Output exactly the lines below, starting with the line that has "b1 * gold k (x + b2)" and going on through the line that has "have two0 := natr2F", both included, and no other lines.

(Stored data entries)
▼

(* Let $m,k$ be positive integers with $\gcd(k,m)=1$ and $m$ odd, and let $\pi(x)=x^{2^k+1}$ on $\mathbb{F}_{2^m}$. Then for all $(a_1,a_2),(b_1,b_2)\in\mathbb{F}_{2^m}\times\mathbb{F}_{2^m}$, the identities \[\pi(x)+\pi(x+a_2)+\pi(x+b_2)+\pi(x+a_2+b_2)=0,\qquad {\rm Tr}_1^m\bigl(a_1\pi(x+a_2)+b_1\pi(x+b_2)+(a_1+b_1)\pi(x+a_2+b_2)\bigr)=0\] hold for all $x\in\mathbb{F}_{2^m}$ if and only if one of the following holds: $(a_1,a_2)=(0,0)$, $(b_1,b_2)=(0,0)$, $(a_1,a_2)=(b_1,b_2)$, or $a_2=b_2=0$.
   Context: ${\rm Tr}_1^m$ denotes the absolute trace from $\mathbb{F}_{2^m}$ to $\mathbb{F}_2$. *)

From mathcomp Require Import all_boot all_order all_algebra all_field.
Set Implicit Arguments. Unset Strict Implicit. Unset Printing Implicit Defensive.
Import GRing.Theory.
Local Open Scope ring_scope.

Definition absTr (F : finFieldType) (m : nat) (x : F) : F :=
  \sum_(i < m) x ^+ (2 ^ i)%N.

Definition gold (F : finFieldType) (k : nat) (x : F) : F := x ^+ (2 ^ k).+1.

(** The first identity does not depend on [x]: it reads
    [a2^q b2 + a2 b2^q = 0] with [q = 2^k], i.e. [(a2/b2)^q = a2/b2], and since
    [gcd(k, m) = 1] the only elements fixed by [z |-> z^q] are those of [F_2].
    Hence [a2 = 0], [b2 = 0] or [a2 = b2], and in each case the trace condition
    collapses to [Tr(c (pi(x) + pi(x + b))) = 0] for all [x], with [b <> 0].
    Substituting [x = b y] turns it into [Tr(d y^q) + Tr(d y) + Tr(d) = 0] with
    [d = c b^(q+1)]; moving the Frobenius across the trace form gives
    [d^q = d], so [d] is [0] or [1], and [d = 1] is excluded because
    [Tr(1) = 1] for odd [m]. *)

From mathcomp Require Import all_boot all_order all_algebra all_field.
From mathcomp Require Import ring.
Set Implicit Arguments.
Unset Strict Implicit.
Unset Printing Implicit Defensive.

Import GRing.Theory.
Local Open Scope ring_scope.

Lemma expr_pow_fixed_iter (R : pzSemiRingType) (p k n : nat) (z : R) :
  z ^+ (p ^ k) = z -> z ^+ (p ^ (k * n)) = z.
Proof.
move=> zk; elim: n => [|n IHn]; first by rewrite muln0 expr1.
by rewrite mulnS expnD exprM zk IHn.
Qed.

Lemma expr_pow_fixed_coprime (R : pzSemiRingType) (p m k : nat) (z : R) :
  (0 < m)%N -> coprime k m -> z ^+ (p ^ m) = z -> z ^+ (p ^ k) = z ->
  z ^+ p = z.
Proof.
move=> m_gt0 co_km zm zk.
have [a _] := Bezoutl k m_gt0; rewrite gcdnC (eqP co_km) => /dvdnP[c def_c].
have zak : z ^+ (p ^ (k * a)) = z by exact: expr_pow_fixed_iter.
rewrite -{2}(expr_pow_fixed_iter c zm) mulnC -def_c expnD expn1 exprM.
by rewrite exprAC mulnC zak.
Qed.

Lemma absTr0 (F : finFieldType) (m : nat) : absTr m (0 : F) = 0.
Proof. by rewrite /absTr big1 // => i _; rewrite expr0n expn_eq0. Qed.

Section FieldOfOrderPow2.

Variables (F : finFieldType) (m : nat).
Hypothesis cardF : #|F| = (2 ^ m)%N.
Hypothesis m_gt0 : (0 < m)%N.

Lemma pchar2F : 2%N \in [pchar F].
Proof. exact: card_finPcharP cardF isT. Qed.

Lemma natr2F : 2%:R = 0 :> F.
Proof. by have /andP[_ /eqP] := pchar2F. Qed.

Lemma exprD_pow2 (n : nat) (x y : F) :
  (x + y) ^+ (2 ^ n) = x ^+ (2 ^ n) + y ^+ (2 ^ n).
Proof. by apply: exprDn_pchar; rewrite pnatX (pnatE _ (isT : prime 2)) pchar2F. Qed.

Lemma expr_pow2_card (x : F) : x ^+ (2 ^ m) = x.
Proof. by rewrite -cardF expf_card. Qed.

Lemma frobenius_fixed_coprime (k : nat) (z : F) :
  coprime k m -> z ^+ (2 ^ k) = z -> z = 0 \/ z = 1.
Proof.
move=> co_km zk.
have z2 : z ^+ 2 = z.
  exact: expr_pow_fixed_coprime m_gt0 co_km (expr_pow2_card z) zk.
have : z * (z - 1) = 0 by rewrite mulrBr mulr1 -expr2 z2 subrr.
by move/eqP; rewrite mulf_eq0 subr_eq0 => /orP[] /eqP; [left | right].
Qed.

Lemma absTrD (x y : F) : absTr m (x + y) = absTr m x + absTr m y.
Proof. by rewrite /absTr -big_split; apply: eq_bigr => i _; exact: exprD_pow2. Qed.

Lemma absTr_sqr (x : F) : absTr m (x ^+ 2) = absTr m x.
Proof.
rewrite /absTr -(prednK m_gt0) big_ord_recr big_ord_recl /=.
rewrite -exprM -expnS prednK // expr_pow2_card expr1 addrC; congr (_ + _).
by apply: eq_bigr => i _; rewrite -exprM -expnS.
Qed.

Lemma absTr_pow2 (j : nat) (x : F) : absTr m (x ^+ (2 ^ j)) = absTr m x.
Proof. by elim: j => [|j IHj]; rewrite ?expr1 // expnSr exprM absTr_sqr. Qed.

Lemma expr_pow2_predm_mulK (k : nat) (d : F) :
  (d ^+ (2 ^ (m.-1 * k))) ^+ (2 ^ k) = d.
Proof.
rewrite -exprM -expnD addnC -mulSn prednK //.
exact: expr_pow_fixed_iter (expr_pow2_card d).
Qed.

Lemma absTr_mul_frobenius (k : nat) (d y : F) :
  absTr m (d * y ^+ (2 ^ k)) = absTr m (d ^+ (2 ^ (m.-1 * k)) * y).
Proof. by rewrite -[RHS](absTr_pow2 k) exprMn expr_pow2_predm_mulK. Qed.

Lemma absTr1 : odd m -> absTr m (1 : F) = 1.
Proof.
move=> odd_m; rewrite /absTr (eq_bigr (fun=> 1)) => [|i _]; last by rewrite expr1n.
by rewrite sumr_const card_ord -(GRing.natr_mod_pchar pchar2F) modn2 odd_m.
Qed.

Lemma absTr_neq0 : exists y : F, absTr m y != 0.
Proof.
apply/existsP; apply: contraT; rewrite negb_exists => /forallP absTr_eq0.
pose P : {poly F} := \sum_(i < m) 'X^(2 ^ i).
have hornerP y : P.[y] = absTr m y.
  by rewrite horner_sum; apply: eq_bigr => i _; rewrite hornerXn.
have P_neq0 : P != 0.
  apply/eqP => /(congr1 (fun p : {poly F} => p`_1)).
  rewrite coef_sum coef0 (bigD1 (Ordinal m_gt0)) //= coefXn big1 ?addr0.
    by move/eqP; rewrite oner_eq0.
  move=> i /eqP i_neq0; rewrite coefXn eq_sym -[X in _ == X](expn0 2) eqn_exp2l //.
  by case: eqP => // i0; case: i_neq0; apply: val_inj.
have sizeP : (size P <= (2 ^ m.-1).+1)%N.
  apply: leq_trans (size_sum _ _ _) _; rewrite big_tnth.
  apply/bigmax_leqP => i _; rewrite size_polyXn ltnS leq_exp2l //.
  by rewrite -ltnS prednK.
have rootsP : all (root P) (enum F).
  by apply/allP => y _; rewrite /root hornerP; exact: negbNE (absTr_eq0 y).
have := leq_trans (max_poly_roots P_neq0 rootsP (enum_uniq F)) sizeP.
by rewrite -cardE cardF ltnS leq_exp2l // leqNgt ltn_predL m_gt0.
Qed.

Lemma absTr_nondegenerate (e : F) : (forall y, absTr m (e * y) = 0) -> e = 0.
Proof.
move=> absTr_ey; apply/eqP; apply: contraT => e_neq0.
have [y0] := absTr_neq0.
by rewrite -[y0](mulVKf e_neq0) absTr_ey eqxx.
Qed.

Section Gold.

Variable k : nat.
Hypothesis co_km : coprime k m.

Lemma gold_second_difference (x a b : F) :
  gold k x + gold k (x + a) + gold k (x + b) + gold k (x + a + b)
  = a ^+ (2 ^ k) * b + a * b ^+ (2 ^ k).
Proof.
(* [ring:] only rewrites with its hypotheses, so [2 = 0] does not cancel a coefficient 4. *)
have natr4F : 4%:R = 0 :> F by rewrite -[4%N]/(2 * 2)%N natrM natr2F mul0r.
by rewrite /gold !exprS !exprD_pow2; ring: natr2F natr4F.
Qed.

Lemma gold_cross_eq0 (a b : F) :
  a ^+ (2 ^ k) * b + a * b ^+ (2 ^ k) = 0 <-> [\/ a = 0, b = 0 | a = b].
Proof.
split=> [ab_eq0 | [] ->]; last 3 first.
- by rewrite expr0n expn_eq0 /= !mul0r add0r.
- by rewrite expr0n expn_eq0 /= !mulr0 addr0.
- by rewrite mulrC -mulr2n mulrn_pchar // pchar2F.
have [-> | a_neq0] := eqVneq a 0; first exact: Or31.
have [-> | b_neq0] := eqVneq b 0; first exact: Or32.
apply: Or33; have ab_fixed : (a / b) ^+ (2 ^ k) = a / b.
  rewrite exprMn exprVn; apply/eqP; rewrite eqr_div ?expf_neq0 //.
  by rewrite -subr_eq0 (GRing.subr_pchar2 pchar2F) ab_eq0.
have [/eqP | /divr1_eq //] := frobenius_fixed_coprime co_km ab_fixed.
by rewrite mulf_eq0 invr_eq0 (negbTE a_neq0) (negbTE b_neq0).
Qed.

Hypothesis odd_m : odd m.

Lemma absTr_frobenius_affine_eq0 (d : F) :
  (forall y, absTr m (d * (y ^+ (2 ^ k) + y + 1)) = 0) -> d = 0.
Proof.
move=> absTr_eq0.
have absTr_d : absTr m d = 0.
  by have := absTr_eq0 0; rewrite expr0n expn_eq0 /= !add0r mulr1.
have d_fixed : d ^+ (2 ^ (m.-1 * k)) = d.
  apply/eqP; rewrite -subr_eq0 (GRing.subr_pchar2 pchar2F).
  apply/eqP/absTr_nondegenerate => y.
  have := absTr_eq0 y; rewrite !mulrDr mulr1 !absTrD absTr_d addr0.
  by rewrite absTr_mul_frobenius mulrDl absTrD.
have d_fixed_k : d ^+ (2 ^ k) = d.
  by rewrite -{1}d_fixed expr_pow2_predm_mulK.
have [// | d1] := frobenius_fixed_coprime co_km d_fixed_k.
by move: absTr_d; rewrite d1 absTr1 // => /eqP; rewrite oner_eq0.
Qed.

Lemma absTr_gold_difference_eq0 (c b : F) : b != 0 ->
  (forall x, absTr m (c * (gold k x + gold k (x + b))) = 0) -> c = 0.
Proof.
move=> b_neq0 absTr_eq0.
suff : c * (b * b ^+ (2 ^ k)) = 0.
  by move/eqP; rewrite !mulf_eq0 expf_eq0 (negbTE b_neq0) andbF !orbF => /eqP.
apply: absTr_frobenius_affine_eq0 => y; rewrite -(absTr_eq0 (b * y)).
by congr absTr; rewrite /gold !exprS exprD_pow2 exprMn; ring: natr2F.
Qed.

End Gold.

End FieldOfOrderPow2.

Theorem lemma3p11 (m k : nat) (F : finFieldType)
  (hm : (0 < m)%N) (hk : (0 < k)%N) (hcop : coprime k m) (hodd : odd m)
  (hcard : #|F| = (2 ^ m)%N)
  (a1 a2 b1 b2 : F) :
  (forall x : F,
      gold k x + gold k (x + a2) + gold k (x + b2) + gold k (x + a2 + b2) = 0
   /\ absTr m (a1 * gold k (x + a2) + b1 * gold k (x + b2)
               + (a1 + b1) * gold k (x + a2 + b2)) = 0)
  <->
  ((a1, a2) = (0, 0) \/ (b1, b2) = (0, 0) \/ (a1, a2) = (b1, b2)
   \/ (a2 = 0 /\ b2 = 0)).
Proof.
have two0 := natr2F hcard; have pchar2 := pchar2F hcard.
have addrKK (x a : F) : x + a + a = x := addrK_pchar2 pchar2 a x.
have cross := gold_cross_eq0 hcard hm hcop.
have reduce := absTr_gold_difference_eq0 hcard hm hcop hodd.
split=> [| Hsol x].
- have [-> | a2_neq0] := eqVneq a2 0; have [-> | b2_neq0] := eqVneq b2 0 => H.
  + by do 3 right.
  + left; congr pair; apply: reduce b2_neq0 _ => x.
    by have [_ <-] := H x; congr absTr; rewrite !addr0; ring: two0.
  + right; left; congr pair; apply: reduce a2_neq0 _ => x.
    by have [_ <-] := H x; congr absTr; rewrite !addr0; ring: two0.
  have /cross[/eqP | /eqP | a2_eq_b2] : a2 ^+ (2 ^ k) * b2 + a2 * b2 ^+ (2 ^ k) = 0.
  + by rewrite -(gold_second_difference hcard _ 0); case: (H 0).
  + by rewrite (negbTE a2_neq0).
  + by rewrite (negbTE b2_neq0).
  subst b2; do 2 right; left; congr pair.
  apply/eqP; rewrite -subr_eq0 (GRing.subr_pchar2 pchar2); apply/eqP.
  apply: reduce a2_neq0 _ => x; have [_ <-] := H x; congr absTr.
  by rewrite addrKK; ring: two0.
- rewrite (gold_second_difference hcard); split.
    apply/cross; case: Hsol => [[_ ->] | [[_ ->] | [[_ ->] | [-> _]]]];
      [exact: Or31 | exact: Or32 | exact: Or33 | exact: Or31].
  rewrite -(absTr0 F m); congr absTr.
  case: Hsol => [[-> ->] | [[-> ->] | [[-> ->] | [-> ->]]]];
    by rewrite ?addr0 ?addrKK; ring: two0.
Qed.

▲

**TASK RESPONSE:**
   /\ absTr m (a1 * gold k (x + a2) + b1 * gold k (x + b2)
               + (a1 + b1) * gold k (x + a2 + b2)) = 0)
  <->
  ((a1, a2) = (0, 0) \/ (b1, b2) = (0, 0) \/ (a1, a2) = (b1, b2)
   \/ (a2 = 0 /\ b2 = 0)).
Proof.
have two0 := natr2F hcard; have pchar2 := pchar2F hcard.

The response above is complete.